Ed. Note: This paper has been adapted from its original form. Read the full paper here.
Do you celebrate the Ascension? You should! It has incredible implications for you, your vocation, and the Church as a whole.
In this series, we’ve talked about the importance of where Jesus was going when he Ascended – to the right hand of the Father to be crowned the King of Kings and Lord of Lords. That means that Christ is Lord over every area of life, including every professional area. You are free to pursue your vocation with vigor and freedom knowing Christ is Lord over that area.
It’s also important to reflect on both who He was going to send in His place and what He was going to do when He got there. Let’s discuss each of these and explore their relevance for our lives today.
One reason for the joy of the disciples at the Ascension was who Christ was going to send in His place – namely, the Holy Spirit.

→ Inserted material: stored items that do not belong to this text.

(* Let $\mathcal{G}=(N,\mathcal{W})$ be an SVG and let $i\neq j$ be players in $N$, where $j$ is a YES-blocker (or a NO-blocker) of $\mathcal{G}$. Let $\hat{\mathcal{G}}=\mathcal{G}^{j\to i}$ be the game obtained when $j$ fully donates its vote to $i$. Then $$RM'_i(\hat{\mathcal{G}})\le RM'_i(\mathcal{G})+RM'_j(\mathcal{G}).$$
   Context: A simple voting game (SVG) is a pair $\mathcal{G}=(N,\mathcal{W})$ with $N$ a nonempty finite set of $n$ players and $\mathcal{W}\subseteq 2^N$ monotone, $\emptyset\notin\mathcal{W}$, $N\in\mathcal{W}$. Divisions are identified with their YES-sets $S\subseteq N$; $S$ is winning iff $S\in\mathcal{W}$. Decisiveness and success: - Player $k$ is YES-decisive in $S$ if $k\in S\in\mathcal{W}$ and $S\setminus\{k\}\notin\mathcal{W}$. - Player $k$ is NO-decisive in $S$ if $k\notin S\notin\mathcal{W}$ and $S\cup\{k\}\in\mathcal{W}$. - Player $k$ is decisive if it is either. - Player $k$ is successful in $S$ if ($k\in S\in\mathcal{W}$) or ($k\notin S\notin\mathcal{W}$). Loyal children: if $S\in\mathcal{W}$, the loyal children are the sets $S\setminus\{m\}\in\mathcal{W}$ with $m\in S$. If $S\notin\mathcal{W}$, they are the sets $S\cup\{m\}\notin\mathcal{W}$ with $m\notin S$. The recursive efficacy score $\alpha_k(S)$ is defined by: - $\alpha_k(S)=1$ if $k$ is decisive in $S$; - $\alpha_k(S)=0$ if $k$ is not successful in $S$; - otherwise, $\alpha_k(S)$ is the average of $\alpha_k$ over the loyal children of $S$. The a priori Recursive Measure is $RM'_k=2^{-n}\sum_{S\subseteq N}\alpha_k(S)$. Blockers: $b$ is a YES-blocker if $b\in S$ for all $S\in\mathcal{W}$, and a NO-blocker if $b\notin S$ for all $S\notin\mathcal{W}$. Donation game: $\mathcal{G}^{j\to i}$ is the SVG on the same player set $N$ whose winning sets are determined as follows. For $S\subseteq N\setminus\{i,j\}$: - $S\cup\{i,j\}$ and $S\cup\{i\}$ are winning iff $S\cup\{i,j\}\in\mathcal{W}$; - $S\cup\{j\}$ and $S$ are winning iff $S\in\mathcal{W}$. In particular $j$ is a dummy in $\mathcal{G}^{j\to i}$. *)

From mathcomp Require Import all_boot all_order all_algebra.
Set Implicit Arguments. Unset Strict Implicit. Unset Printing Implicit Defensive.
Import Order.TTheory GRing.Theory Num.Theory.
Local Open Scope ring_scope.

Section SVG.
Variable N : finType.
Implicit Types (W : {set N} -> bool) (S : {set N}) (k : N).

Definition is_svg W : Prop :=
  [/\ forall S T : {set N}, S \subset T -> W S -> W T, ~~ W set0 & W setT].

Definition yes_decisive W k S := [&& k \in S, W S & ~~ W (S :\ k)].
Definition no_decisive W k S := [&& k \notin S, ~~ W S & W (k |: S)].
Definition decisive W k S := yes_decisive W k S || no_decisive W k S.
Definition successful W k S := ((k \in S) && W S) || ((k \notin S) && ~~ W S).

Definition loyal_children W S : {set {set N}} :=
  if W S then [set S :\ m | m in [set m in S | W (S :\ m)]]
  else [set m |: S | m in [set m in ~: S | ~~ W (m |: S)]].

(* alpha with explicit recursion fuel; along loyal children a winning set
   shrinks and a losing set grows, so recursion depth is at most #|N|, and
   fuel #|N|.+1 computes the recursive definition exactly. *)
Fixpoint alpha_fuel (fuel : nat) W k S : rat :=
  match fuel with
  | 0 => 0
  | f.+1 =>
    if decisive W k S then 1
    else if ~~ successful W k S then 0
    else (\sum_(C in loyal_children W S) alpha_fuel f W k C)
           / (#|loyal_children W S|)%:R
  end.

Definition alpha W k S : rat := alpha_fuel #|N|.+1 W k S.

Definition RM W k : rat := (\sum_(S : {set N}) alpha W k S) / (2 ^ #|N|)%:R.

Definition yes_blocker W b := forall S, W S -> b \in S.
Definition no_blocker W b := forall S, ~~ W S -> b \notin S.

Definition donate W j i : {set N} -> bool :=
  fun S => if i \in S then W (j |: S) else W (S :\ j).

End SVG.

From mathcomp Require Import all_boot all_order all_algebra.
From mathcomp Require Import lra zify.
From Stdlib Require Import FunctionalExtensionality.
Set Implicit Arguments. Unset Strict Implicit. Unset Printing Implicit Defensive.
Import Order.TTheory GRing.Theory Num.Theory.
Local Open Scope ring_scope.

(* If j is a YES-blocker, every set avoiding j loses, so on such sets alpha_j
   is the mean of its values over the one-vote extensions.  Induction on the
   number of NO-voters then gives the gain bound
   alpha_j (S + i) - alpha_j S <= alpha_i S  for i not in S.
   In the donation game i becomes a YES-blocker and the same mean-value
   recursion identifies its alpha_i (S) with alpha_j (S + j) if i is in S and
   with alpha_j (S - j + i) otherwise.  Grouping the sets four at a time
   (S, S + i, S + j, S + i + j) and applying the gain bound twice proves the
   inequality.  The NO-blocker case follows by passing to the dual game
   S |-> ~ W (N - S), which preserves alpha and turns NO-blockers into
   YES-blockers. *)

Section SetsOfPlayers.
Variable N : finType.
Implicit Types (S T : {set N}) (k m : N).

Definition monotone_game (W : {set N} -> bool) :=
  forall S T, S \subset T -> W S -> W T.

Lemma setC_setU1 m S : ~: (m |: S) = ~: S :\ m.
Proof. by apply/setP=> x; rewrite !inE negb_or andbC. Qed.

Lemma setC_setD1 m S : ~: (S :\ m) = m |: ~: S.
Proof. by apply/setP=> x; rewrite !inE negb_and negbK. Qed.

Lemma card_setC_setU1 m S : m \notin S -> #|~: S| = #|~: (m |: S)|.+1.
Proof. by move=> mS; rewrite setC_setU1 (cardsD1 m) inE mS. Qed.

Lemma setU1_inj_notin S : {in ~: S &, injective (fun m => m |: S)}.
Proof.
move=> a b; rewrite !inE => aS _ eab.
by move: (setU11 a S); rewrite eab !inE (negbTE aS) orbF => /eqP.
Qed.

Lemma setD1_notin m S : m \notin S -> S :\ m = S.
Proof.
by move=> mS; apply/setP=> x; rewrite !inE; case: eqP => // ->; rewrite (negbTE mS).
Qed.

Lemma sum_setC_setU1 (R : nmodType) (F : {set N} -> R) k S : k \notin S ->
  \sum_(m in ~: S) F (m |: (k |: S)) =
  F (k |: S) + \sum_(m in ~: (k |: S)) F (m |: (k |: S)).
Proof. by move=> kS; rewrite (big_setD1 k) ?inE // setUA setUid setC_setU1. Qed.

Lemma sum_pair_setU1 (R : nmodType) (F : {set N} -> R) k :
  \sum_(S : {set N}) F S = \sum_(S : {set N}) (if k \in S then 0 else F S + F (k |: S)).
Proof.
have -> : \sum_(S : {set N}) (if k \in S then 0 else F S + F (k |: S)) =
          \sum_(S : {set N} | k \notin S) (F S + F (k |: S)).
  by rewrite [RHS]big_mkcond; apply: eq_bigr => S _; case: (k \in S).
rewrite (bigID (fun S : {set N} => k \in S)) big_split /= addrC; congr (_ + _).
rewrite (reindex_onto (fun S => k |: S) (fun S => S :\ k)) => [|S kS]; last exact: setD1K.
apply: eq_bigl => S; rewrite setU11 /=.
case: (boolP (k \in S)) => kS; last by rewrite setU1K ?eqxx.
by apply/negbTE/eqP=> /setP/(_ k); rewrite !inE eqxx kS.
Qed.

End SetsOfPlayers.

Section RecursiveEfficacy.
Variable N : finType.
Implicit Types (W : {set N} -> bool) (S T : {set N}) (k m : N).
(* Let $\mathcal{X}=\mathcal{X}_1\times\cdots\times\mathcal{X}_n$ and $\mathcal{Y}=\mathcal{Y}_1\times\cdots\times\mathcal{Y}_m$ be finite sets, and let $k\in\{1,\ldots,n\}$. Let $\mathcal{P}$ be the partition model on $\mathcal{X}$ whose blocks are the sets $\{x_1\}\times\cdots\times\{x_k\}\times\mathcal{X}_{k+1}\times\cdots\times\mathcal{X}_n$ for all $(x_1,\ldots,x_k)\in\mathcal{X}_1\times\cdots\times\mathcal{X}_k$. If $$1+\sum_{j\in[m]}(|\mathcal{Y}_j|-1)\;\geq\;\Big(\prod_{i\in[k]}|\mathcal{X}_i|\Big)\Big/\max_{j\in[k]}|\mathcal{X}_j|,$$ then every distribution contained in $\mathcal{P}$ can be approximated arbitrarily well by distributions from $\operatorname{RBM}_{\mathcal{X},\mathcal{Y}}$ (i.e., $\mathcal{P}$ is contained in the topological closure of $\operatorname{RBM}_{\mathcal{X},\mathcal{Y}}$).
   Context: For a finite product set $\mathcal{Z}=\mathcal{Z}_1\times\cdots\times\mathcal{Z}_k$, fix in each $\mathcal{Z}_i$ a reference state $z_i^0$ and let $F^{\mathcal{Z}}(z)=\big(1,(\mathbb{1}[z_i=a])_{i\in[k],\,a\in\mathcal{Z}_i\setminus\{z_i^0\}}\big)^\top$ be the sufficient statistics of the independence model on $\mathcal{Z}$. The restricted Boltzmann machine model $\operatorname{RBM}_{\mathcal{X},\mathcal{Y}}$ with visible states $\mathcal{X}$ and hidden states $\mathcal{Y}$ is the set of probability distributions on $\mathcal{X}$ of the form $p(x)=\frac{1}{Z(\Theta)}\sum_{y\in\mathcal{Y}}\exp\big(F^{\mathcal{X}}(x)^\top\Theta F^{\mathcal{Y}}(y)\big)$, $x\in\mathcal{X}$, for all real matrices $\Theta$ of the appropriate size, where $Z(\Theta)$ is the normalizing constant (i.e., the visible marginals of the exponential family on $\mathcal{X}\times\mathcal{Y}$ with sufficient statistics $F^{\mathcal{X}}(x)\otimes F^{\mathcal{Y}}(y)$). Given disjoint nonempty sets $A_1,\ldots,A_K\subseteq\mathcal{X}$ covering $\mathcal{X}$, the partition model with these blocks is the set of all mixtures $\sum_{k}\lambda_k u_{A_k}$ with $\lambda_k\ge 0$, $\sum_k\lambda_k=1$, where $u_{A_k}$ is the uniform distribution on $A_k$. *)

From HB Require Import structures.
From mathcomp Require Import all_boot all_order all_algebra.
From mathcomp Require Import reals sequences exp.
Set Implicit Arguments. Unset Strict Implicit. Unset Printing Implicit Defensive.
Import Order.TTheory GRing.Theory Num.Theory.
Local Open Scope ring_scope.

(* A finite product set Z_1 x ... x Z_n with |Z_i| = s i; Z_i = 'I_(s i).
   The reference state z_i^0 of Z_i is the element 0. *)
Definition state (n : nat) (s : 'I_n -> nat) : finType :=
  {dffun forall i : 'I_n, 'I_(s i)}.

(* Index set of the sufficient statistics: None is the constant 1,
   Some (i, a) is the indicator [z_i = a.+1] (a.+1 ranges over Z_i \ {0}). *)
Definition feat (n : nat) (s : 'I_n -> nat) : finType :=
  option {i : 'I_n & 'I_(s i).-1}.

Definition suffstat (R : realType) (n : nat) (s : 'I_n -> nat)
  (z : state s) (u : feat s) : R :=
  match u with
  | None => 1
  | Some (existT i a) => if val (z i) == (val a).+1 then 1 else 0
  end.

Definition rbm_weight (R : realType) (n m : nat) (sx : 'I_n -> nat)
  (sy : 'I_m -> nat) (Theta : feat sx -> feat sy -> R) (x : state sx) : R :=
  \sum_(y : state sy)
     expR (\sum_(u : feat sx) \sum_(v : feat sy)
             suffstat R x u * Theta u v * suffstat R y v).

Definition rbm (R : realType) (n m : nat) (sx : 'I_n -> nat)
  (sy : 'I_m -> nat) (Theta : feat sx -> feat sy -> R) (x : state sx) : R :=
  rbm_weight Theta x / \sum_(x' : state sx) rbm_weight Theta x'.

Definition unif (R : realType) (T : finType) (A : {set T}) (x : T) : R :=
  (x \in A)%:R / #|A|%:R.

Definition in_partition_model (R : realType) (T : finType)
  (blocks : {set {set T}}) (p : T -> R) : Prop :=
  exists lam : {set T} -> R,
    (forall A, A \in blocks -> 0 <= lam A) /\
    \sum_(A in blocks) lam A = 1 /\
    forall x, p x = \sum_(A in blocks) lam A * unif R A x.

Definition prefix_block (n : nat) (sx : 'I_n -> nat) (k : nat) (x : state sx)
  : {set state sx} :=
  [set x' : state sx | [forall i : 'I_n, (i < k)%N ==> (x' i == x i)]].

Definition prefix_blocks (n : nat) (sx : 'I_n -> nat) (k : nat)
  : {set {set state sx}} :=
  [set prefix_block k x | x : state sx].

From HB Require Import structures.
From mathcomp Require Import all_boot all_order all_algebra perm.
From mathcomp Require Import reals sequences exp.
From mathcomp Require Import ring lra.
Set Implicit Arguments. Unset Strict Implicit. Unset Printing Implicit Defensive.
Import Order.TTheory GRing.Theory Num.Theory.
Local Open Scope ring_scope.

(* A column of Theta makes the potential of a hidden feature an arbitrary
   additive function sum_i phi_i(x_i) of the visible state.  Let j be one of
   the first k coordinates with |X_j| maximal and G the other first k
   coordinates: the hypothesis says that the configurations of x on G can be
   coded injectively by the hidden features (the constant feature included),
   and p is a function of this code and of x_j.  The feature coding a
   configuration gets as potential a target log-probability in x_j minus a
   large multiple of the Hamming distance to that configuration.  Then the
   hidden state whose only active feature is the code of x contributes
   p x + d to the weight of x, every other hidden state is penalised by a
   factor exp(-T), and the normalised weights tend to p as d -> 0, T -> oo. *)

Section BigSums.
Variable V : nmodType.

Lemma sum_option (T : finType) (f : option T -> V) :
  \sum_(v : option T) f v = f None + \sum_(t : T) f (Some t).
Proof.
rewrite (bigD1 None) //= (reindex_omap Some id) //=; last by case.
by congr (_ + _); apply: eq_bigl => t; rewrite eqxx.
Qed.

Lemma sum_tagged (I : finType) (T_ : I -> finType) (f : {i : I & T_ i} -> V) :
  \sum_(w : {i : I & T_ i}) f w = \sum_(i : I) \sum_(a : T_ i) f (Tagged T_ a).
Proof.
rewrite (sig_big_dep (fun _ => true) (fun _ _ => true)) /=.
by apply: eq_bigr => -[i a].
Qed.

End BigSums.

Section RealBounds.
Variable R : realType.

At Pentecost, the Spirit was sent to be the Advocate (Paracletos) to convict the world of sin, righteousness, and judgment (John 16:7). Particularly, the Spirit was sent to do the following:
- Convict “the world” concerning the sin of unbelief (vs. 9),
- Provide a conviction of the winsome attractiveness of Christ when He was no longer present as a visual example of it (vs. 10), and
- Show that the problem of evil will have a culmination in the “ruler of this world” (Satan) being judged (vs. 11).

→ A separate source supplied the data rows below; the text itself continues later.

Lemma taylor_partial_sum r N :
  sum_f_R0 (fun n => c n / INR (fact n) * (- r) ^ n) (S N)
  = a - b * r - sum_f_R0 (fun n => r ^ (S n) / INR (fact (S n)) * moment_from_coeff n) N.
Proof.
  induction N as [|N IH].
  - simpl. rewrite coeff_zero, coeff_succ. simpl. field.
  - rewrite tech5, IH, tech5, coeff_succ. simpl drift_coeff.
    assert (hf : 0 < INR (fact (S (S N)))) by apply INR_fact_lt_0.
    replace ((- r) ^ S (S N)) with ((-1) ^ S (S N) * r ^ S (S N))
      by (rewrite <- Rpow_mult_distr; f_equal; ring).
    replace ((-1) ^ S (S N)) with (-1 * (-1) ^ S N) by reflexivity.
    replace ((0 + (-1) ^ S N * moment_from_coeff (S N)) / INR (fact (S (S N)))
               * (-1 * (-1) ^ S N * r ^ S (S N)))
      with (- (((-1) ^ S N * (-1) ^ S N) * moment_from_coeff (S N) / INR (fact (S (S N)))
               * r ^ S (S N))) by (field; lra).
    rewrite m1_pow_sq. field. lra.
Qed.

End TaylorCoefficients.

Lemma extension_levy_khintchine phie : extension phi D beta phie ->
  forall z, - beta < z -> impr (fun t => (1 - exp (- (z * t))) * mu t) (phie z - a - b * z).
Proof.
  intros [He1 He2] z hz.
  destruct (Rlt_le_dec 0 z) as [hz0|hz0]; [rewrite He1 by auto; auto|].
  destruct (He2 z (conj hz hz0)) as [c [hlim hs]].
  destruct hz0 as [hz0| ->].
  - set (r := - z) in *. assert (hr : 0 < r) by (unfold r; lra).
    assert (hzr : z = - r) by (unfold r; ring). clearbody r. subst z.
    set (S0 := a - b * r - phie (- r)).
    assert (hcv : Un_cv (sum_f_R0 (fun n => r ^ (S n) / INR (fact (S n)) * moment_from_coeff c n)) S0).
    { intros eps he. destruct (hs eps he) as [N0 hN0]. exists N0. intros n hn.
      specialize (hN0 (S n) ltac:(lia)). unfold R_dist in *.
      rewrite taylor_partial_sum in hN0 by auto.
      rewrite Rabs_minus_sym. unfold S0.
      replace (a - b * r - phie (- r) - sum_f_R0 (fun n => r ^ S n / INR (fact (S n)) * moment_from_coeff c n) n)
        with (a - b * r - sum_f_R0 (fun n => r ^ S n / INR (fact (S n)) * moment_from_coeff c n) n - phie (- r))
        by ring. auto. }
    pose proof (exp_integral _ r S0 hr (moments_from_coeffs c hlim) hcv) as hE.
    apply impr_ext with (fun t => -1 * ((exp (r * t) - 1) * mu t)).
    + intros t ht. replace (- (- r * t)) with (r * t) by ring. ring.
    + replace (phie (- r) - a - b * - r) with (-1 * S0) by (unfold S0; ring).
      apply impr_scal; auto.
  - apply series_at0 in hs. rewrite hs, (coeff_zero c hlim).
    replace (a - a - b * 0) with (0 * (phi 1 - a - b * 1)) by ring.
    apply impr_ext with (fun t => 0 * ((1 - exp (- (1 * t))) * mu t)).
    + intros t _. replace (- (0 * t)) with 0 by ring. rewrite exp_0. ring.
    + apply impr_scal, phi_levy_khintchine. lra.
Qed.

Note that the conviction being discussed applies not just to individual people but to “the world” (vs. 8). In other words, there is a public dimension to the Holy Spirit’s work, as well as a private and personal one.
When we confront the public issues of the day (from a Biblical perspective) it is good to know that we don’t have to rely on our own intelligence and power alone, but can appeal to the Spirit to be our prosecuting or defending Advocate. The work of the Spirit applies not only to evangelism and missions, but to other areas of culture. Christ empowers our gifts to be used in the church and the world.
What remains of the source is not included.